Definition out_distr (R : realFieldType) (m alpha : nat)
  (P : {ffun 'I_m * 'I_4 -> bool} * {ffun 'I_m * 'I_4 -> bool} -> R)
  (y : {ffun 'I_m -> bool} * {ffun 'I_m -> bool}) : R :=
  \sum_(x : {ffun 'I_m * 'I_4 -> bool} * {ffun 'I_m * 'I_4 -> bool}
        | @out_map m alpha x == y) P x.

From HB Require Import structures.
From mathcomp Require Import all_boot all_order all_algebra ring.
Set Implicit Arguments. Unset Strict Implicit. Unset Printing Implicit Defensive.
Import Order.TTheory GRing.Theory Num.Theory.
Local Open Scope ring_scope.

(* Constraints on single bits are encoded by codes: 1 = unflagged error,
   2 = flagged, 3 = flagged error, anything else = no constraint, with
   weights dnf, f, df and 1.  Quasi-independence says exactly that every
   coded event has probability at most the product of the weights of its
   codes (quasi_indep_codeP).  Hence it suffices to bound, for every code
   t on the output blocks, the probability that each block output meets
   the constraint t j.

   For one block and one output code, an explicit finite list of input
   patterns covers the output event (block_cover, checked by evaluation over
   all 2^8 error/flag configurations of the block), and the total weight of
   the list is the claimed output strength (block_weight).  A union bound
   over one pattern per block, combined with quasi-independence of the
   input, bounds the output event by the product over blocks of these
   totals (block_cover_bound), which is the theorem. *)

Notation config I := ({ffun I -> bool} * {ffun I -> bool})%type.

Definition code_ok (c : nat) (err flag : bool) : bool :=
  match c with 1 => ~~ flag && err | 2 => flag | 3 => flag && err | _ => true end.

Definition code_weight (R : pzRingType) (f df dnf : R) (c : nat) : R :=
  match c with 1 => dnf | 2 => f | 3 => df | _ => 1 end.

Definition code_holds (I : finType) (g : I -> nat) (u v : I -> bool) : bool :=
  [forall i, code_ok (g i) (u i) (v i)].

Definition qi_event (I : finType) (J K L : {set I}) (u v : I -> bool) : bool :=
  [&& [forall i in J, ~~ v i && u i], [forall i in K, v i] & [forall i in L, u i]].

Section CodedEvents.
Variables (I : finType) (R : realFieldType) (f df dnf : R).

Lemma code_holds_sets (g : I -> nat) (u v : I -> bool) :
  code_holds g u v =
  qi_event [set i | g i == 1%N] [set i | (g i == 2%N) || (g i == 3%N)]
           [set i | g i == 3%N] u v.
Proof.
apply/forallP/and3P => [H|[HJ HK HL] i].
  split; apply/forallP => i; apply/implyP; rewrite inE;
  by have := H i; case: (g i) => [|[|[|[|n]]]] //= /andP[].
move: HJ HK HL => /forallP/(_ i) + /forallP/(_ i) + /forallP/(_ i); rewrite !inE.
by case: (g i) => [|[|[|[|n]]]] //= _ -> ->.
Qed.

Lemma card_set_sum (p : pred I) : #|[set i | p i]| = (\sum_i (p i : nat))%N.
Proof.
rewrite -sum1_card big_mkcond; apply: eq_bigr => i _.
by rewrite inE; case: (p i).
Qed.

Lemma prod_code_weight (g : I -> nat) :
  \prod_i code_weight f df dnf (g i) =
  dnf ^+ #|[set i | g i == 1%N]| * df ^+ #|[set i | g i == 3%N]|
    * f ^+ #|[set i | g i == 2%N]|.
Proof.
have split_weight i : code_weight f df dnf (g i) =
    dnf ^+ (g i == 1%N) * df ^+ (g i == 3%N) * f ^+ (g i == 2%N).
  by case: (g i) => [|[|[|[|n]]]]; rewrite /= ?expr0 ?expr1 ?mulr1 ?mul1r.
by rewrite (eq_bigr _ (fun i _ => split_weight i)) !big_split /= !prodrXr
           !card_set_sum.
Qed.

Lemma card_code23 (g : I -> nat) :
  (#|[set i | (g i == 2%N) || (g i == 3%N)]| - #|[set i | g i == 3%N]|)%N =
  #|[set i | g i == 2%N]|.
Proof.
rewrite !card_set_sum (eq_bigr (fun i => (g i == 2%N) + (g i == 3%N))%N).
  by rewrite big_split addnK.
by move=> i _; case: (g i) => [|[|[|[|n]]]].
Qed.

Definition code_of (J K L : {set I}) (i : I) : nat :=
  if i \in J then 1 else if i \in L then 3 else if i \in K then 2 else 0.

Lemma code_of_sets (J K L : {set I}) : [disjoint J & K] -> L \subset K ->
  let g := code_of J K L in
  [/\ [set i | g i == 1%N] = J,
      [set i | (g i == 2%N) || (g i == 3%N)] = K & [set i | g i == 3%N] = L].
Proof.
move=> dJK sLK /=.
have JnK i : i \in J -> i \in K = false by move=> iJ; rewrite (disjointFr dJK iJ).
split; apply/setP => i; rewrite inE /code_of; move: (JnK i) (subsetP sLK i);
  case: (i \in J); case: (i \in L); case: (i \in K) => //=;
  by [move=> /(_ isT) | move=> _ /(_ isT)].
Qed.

* * * * * * *

> Directions
Copy each entry exactly.

> Written solution
Definition out_distr (R : realFieldType) (m alpha : nat)
  (P : {ffun 'I_m * 'I_4 -> bool} * {ffun 'I_m * 'I_4 -> bool} -> R)
  (y : {ffun 'I_m -> bool} * {ffun 'I_m -> bool}) : R :=
  \sum_(x : {ffun 'I_m * 'I_4 -> bool} * {ffun 'I_m * 'I_4 -> bool}
        | @out_map m alpha x == y) P x.

From HB Require Import structures.
From mathcomp Require Import all_boot all_order all_algebra ring.
Set Implicit Arguments. Unset Strict Implicit. Unset Printing Implicit Defensive.
Import Order.TTheory GRing.Theory Num.Theory.
Local Open Scope ring_scope.

(* Constraints on single bits are encoded by codes: 1 = unflagged error,
   2 = flagged, 3 = flagged error, anything else = no constraint, with
   weights dnf, f, df and 1.  Quasi-independence says exactly that every
   coded event has probability at most the product of the weights of its
   codes (quasi_indep_codeP).  Hence it suffices to bound, for every code
   t on the output blocks, the probability that each block output meets
   the constraint t j.

   For one block and one output code, an explicit finite list of input
   patterns covers the output event (block_cover, checked by evaluation over
   all 2^8 error/flag configurations of the block), and the total weight of
   the list is the claimed output strength (block_weight).  A union bound
   over one pattern per block, combined with quasi-independence of the
   input, bounds the output event by the product over blocks of these
   totals (block_cover_bound), which is the theorem. *)

Notation config I := ({ffun I -> bool} * {ffun I -> bool})%type.

Definition code_ok (c : nat) (err flag : bool) : bool :=
  match c with 1 => ~~ flag && err | 2 => flag | 3 => flag && err | _ => true end.

Definition code_weight (R : pzRingType) (f df dnf : R) (c : nat) : R :=
  match c with 1 => dnf | 2 => f | 3 => df | _ => 1 end.

Definition code_holds (I : finType) (g : I -> nat) (u v : I -> bool) : bool :=
  [forall i, code_ok (g i) (u i) (v i)].

Definition qi_event (I : finType) (J K L : {set I}) (u v : I -> bool) : bool :=
  [&& [forall i in J, ~~ v i && u i], [forall i in K, v i] & [forall i in L, u i]].

Section CodedEvents.
Variables (I : finType) (R : realFieldType) (f df dnf : R).

Lemma code_holds_sets (g : I -> nat) (u v : I -> bool) :
  code_holds g u v =
  qi_event [set i | g i == 1%N] [set i | (g i == 2%N) || (g i == 3%N)]
           [set i | g i == 3%N] u v.
Proof.
apply/forallP/and3P => [H|[HJ HK HL] i].
  split; apply/forallP => i; apply/implyP; rewrite inE;
  by have := H i; case: (g i) => [|[|[|[|n]]]] //= /andP[].
move: HJ HK HL => /forallP/(_ i) + /forallP/(_ i) + /forallP/(_ i); rewrite !inE.
by case: (g i) => [|[|[|[|n]]]] //= _ -> ->.
Qed.

Lemma card_set_sum (p : pred I) : #|[set i | p i]| = (\sum_i (p i : nat))%N.
Proof.
rewrite -sum1_card big_mkcond; apply: eq_bigr => i _.
by rewrite inE; case: (p i).
Qed.

Lemma prod_code_weight (g : I -> nat) :
  \prod_i code_weight f df dnf (g i) =
  dnf ^+ #|[set i | g i == 1%N]| * df ^+ #|[set i | g i == 3%N]|
    * f ^+ #|[set i | g i == 2%N]|.
Proof.
have split_weight i : code_weight f df dnf (g i) =
    dnf ^+ (g i == 1%N) * df ^+ (g i == 3%N) * f ^+ (g i == 2%N).
  by case: (g i) => [|[|[|[|n]]]]; rewrite /= ?expr0 ?expr1 ?mulr1 ?mul1r.
by rewrite (eq_bigr _ (fun i _ => split_weight i)) !big_split /= !prodrXr
           !card_set_sum.
Qed.

Lemma card_code23 (g : I -> nat) :
  (#|[set i | (g i == 2%N) || (g i == 3%N)]| - #|[set i | g i == 3%N]|)%N =
  #|[set i | g i == 2%N]|.
Proof.
rewrite !card_set_sum (eq_bigr (fun i => (g i == 2%N) + (g i == 3%N))%N).
  by rewrite big_split addnK.
by move=> i _; case: (g i) => [|[|[|[|n]]]].
Qed.

Definition code_of (J K L : {set I}) (i : I) : nat :=
  if i \in J then 1 else if i \in L then 3 else if i \in K then 2 else 0.

Lemma code_of_sets (J K L : {set I}) : [disjoint J & K] -> L \subset K ->
  let g := code_of J K L in
  [/\ [set i | g i == 1%N] = J,
      [set i | (g i == 2%N) || (g i == 3%N)] = K & [set i | g i == 3%N] = L].
Proof.
move=> dJK sLK /=.
have JnK i : i \in J -> i \in K = false by move=> iJ; rewrite (disjointFr dJK iJ).
split; apply/setP => i; rewrite inE /code_of; move: (JnK i) (subsetP sLK i);
  case: (i \in J); case: (i \in L); case: (i \in K) => //=;
  by [move=> /(_ isT) | move=> _ /(_ isT)].
Qed.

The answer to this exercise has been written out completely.